- [SOURCE RECORDS]:
+ + + +

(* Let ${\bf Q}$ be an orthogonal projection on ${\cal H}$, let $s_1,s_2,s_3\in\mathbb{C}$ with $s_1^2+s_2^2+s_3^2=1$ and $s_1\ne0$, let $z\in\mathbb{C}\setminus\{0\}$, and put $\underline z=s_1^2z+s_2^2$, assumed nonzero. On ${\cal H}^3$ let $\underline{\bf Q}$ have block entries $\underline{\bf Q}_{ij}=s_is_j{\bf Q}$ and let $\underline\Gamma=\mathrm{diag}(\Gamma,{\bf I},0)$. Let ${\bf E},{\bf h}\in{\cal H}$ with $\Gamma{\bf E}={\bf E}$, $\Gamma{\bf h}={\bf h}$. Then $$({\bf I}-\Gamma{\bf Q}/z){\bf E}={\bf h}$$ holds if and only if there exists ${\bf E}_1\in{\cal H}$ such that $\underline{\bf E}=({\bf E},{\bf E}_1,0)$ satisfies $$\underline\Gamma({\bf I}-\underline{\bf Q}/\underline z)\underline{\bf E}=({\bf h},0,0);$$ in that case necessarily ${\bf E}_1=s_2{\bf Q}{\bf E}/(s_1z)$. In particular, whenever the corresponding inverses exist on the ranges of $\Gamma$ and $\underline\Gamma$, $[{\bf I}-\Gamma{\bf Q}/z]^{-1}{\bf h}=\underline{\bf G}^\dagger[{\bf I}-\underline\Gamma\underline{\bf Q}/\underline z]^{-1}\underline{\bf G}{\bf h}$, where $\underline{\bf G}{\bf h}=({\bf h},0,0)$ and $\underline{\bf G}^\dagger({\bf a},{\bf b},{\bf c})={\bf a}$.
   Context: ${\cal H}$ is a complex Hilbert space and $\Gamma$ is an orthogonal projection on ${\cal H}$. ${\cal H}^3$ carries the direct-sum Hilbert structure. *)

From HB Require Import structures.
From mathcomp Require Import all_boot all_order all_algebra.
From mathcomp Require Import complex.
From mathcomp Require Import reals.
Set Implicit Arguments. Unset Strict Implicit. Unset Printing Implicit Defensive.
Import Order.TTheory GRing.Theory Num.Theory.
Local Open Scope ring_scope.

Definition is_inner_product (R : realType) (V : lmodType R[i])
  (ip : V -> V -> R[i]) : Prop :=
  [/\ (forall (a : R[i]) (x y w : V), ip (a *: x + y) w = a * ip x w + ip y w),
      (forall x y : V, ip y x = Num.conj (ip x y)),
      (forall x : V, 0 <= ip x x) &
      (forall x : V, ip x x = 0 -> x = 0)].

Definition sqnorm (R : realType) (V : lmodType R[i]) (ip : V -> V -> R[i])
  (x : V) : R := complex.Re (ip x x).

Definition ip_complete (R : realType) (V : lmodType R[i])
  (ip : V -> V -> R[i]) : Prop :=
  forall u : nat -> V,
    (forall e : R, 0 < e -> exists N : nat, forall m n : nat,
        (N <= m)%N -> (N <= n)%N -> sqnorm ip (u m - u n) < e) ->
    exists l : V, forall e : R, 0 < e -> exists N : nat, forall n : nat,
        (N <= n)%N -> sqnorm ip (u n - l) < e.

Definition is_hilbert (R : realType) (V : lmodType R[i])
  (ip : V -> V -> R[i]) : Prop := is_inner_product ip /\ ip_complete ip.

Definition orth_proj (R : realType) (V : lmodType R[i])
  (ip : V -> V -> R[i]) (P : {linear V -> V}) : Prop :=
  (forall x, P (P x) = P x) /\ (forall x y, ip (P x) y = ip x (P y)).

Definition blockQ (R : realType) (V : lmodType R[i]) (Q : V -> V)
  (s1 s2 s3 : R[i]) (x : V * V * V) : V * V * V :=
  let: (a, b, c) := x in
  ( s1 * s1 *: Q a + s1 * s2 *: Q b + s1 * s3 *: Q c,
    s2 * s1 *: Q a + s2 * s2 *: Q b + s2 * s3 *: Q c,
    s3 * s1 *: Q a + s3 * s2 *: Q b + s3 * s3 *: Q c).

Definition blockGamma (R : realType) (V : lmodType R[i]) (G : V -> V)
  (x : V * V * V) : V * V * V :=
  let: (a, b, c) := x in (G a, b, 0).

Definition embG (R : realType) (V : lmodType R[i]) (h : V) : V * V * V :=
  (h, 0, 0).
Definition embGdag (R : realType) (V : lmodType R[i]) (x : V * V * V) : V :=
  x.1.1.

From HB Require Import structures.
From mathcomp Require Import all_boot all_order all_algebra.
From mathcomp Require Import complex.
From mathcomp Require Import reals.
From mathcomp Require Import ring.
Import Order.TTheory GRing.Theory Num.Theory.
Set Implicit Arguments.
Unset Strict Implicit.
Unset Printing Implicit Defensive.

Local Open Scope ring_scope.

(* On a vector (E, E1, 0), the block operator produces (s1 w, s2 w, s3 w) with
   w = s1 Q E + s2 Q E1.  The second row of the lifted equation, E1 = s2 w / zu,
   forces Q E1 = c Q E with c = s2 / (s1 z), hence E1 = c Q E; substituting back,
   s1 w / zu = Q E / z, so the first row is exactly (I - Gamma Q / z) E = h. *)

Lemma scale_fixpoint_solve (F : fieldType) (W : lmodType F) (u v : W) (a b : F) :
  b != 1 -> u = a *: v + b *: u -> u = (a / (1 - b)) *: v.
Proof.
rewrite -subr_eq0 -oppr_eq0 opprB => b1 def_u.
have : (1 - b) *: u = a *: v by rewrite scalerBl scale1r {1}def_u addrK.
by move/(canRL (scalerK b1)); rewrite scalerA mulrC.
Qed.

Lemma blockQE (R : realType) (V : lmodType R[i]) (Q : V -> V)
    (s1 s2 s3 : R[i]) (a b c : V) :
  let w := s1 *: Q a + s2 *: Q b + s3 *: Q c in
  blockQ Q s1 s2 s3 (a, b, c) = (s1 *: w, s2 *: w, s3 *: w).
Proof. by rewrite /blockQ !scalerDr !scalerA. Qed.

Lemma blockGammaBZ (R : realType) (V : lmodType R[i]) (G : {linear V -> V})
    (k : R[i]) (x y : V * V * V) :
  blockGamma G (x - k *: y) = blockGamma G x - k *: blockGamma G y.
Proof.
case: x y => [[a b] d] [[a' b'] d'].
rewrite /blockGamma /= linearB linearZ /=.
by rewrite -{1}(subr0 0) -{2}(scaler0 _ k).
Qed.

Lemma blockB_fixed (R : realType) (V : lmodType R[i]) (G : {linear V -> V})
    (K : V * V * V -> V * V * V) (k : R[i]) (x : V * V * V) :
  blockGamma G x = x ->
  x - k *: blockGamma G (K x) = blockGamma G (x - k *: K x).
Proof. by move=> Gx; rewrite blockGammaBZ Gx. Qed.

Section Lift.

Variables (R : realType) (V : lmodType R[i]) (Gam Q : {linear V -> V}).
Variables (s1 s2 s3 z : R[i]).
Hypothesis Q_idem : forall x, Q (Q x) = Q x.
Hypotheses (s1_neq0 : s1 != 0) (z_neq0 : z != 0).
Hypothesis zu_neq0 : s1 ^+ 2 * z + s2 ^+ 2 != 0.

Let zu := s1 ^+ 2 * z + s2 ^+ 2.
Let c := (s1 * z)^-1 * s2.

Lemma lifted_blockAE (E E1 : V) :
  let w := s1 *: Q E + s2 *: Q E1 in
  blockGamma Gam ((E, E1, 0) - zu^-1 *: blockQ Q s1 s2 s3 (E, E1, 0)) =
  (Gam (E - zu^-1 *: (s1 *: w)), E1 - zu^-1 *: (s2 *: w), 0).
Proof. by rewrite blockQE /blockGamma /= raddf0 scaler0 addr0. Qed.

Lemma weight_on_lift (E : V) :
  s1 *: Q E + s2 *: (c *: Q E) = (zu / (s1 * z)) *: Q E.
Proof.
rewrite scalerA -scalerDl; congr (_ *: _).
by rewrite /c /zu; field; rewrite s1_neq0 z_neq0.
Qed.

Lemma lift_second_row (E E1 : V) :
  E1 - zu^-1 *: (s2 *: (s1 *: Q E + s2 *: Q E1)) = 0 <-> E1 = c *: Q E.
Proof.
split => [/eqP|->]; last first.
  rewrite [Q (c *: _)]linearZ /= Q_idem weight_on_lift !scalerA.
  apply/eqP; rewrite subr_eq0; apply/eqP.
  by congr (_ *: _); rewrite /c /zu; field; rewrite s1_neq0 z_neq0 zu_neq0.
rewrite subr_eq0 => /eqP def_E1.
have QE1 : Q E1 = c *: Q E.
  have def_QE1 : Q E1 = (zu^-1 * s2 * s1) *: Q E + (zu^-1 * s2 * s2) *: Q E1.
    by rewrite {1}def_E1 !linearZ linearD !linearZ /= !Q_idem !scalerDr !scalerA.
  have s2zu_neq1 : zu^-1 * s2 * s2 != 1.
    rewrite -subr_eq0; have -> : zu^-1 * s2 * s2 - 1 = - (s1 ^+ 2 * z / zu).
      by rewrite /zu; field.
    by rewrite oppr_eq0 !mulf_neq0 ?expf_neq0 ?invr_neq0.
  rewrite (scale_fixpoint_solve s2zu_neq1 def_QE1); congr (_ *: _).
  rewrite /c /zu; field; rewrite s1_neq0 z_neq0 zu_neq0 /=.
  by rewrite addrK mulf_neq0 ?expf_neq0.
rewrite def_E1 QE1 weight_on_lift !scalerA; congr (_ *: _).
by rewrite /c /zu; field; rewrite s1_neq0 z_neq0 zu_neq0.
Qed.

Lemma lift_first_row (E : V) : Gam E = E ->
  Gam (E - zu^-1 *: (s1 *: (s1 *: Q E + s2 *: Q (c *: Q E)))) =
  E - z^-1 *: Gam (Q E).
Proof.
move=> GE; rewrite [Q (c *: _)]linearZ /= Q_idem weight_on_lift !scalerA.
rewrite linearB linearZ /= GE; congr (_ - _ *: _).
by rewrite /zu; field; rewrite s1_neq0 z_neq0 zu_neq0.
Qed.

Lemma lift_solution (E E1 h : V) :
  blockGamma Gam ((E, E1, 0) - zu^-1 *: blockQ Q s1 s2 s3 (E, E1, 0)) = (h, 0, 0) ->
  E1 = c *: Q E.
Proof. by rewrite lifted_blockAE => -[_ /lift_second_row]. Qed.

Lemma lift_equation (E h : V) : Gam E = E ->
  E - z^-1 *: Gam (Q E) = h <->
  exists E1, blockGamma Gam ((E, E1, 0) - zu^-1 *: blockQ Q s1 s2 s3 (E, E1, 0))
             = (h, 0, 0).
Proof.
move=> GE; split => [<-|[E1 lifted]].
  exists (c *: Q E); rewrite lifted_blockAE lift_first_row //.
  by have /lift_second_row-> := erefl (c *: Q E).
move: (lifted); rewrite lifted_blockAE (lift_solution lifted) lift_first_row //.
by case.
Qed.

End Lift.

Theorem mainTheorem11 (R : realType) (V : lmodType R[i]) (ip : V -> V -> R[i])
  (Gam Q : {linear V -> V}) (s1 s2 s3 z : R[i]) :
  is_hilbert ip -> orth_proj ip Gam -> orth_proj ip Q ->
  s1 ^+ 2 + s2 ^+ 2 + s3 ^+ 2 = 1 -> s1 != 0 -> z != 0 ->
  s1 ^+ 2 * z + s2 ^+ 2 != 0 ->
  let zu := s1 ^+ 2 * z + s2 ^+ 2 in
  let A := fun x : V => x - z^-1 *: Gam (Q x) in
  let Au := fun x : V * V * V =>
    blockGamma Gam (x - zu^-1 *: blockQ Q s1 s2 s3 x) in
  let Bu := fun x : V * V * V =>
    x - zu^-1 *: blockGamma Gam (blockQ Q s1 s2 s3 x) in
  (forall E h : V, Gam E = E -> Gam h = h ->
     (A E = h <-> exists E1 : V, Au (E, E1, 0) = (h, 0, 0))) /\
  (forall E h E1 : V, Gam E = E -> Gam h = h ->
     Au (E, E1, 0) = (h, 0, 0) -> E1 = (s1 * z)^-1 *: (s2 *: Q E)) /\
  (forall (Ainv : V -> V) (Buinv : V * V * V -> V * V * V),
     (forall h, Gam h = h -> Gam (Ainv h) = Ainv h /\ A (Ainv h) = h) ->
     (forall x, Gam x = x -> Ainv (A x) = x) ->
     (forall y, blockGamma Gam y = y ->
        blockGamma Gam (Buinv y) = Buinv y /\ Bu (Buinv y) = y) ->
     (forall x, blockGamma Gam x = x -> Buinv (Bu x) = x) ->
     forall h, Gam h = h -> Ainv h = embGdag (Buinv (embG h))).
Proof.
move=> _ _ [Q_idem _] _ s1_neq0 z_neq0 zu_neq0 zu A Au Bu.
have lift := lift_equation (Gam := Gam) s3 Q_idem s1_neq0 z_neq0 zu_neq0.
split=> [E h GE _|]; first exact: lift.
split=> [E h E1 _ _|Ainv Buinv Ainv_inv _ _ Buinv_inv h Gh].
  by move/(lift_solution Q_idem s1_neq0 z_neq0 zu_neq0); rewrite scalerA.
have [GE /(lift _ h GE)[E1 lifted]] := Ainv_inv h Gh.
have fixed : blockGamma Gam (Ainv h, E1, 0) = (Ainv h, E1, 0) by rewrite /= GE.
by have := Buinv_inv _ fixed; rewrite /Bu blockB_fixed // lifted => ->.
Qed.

+ + + +

- [TASK OBJECTIVE]: Here the output must be the lines above from the line with "by rewrite /zu; field;" to the line with "Lemma lift_equation (E h : V) : Gam E = E ->", both included, duplicated word for word and nothing else.

- [OUTPUT]:
by rewrite /zu; field; rewrite s1_neq0 z_neq0 zu_neq0.
Qed.

Lemma lift_solution (E E1 h : V) :
  blockGamma Gam ((E, E1, 0) - zu^-1 *: blockQ Q s1 s2 s3 (E, E1, 0)) = (h, 0, 0) ->
  E1 = c *: Q E.
Proof. by rewrite lifted_blockAE => -[_ /lift_second_row]. Qed.

Lemma lift_equation (E h : V) : Gam E = E ->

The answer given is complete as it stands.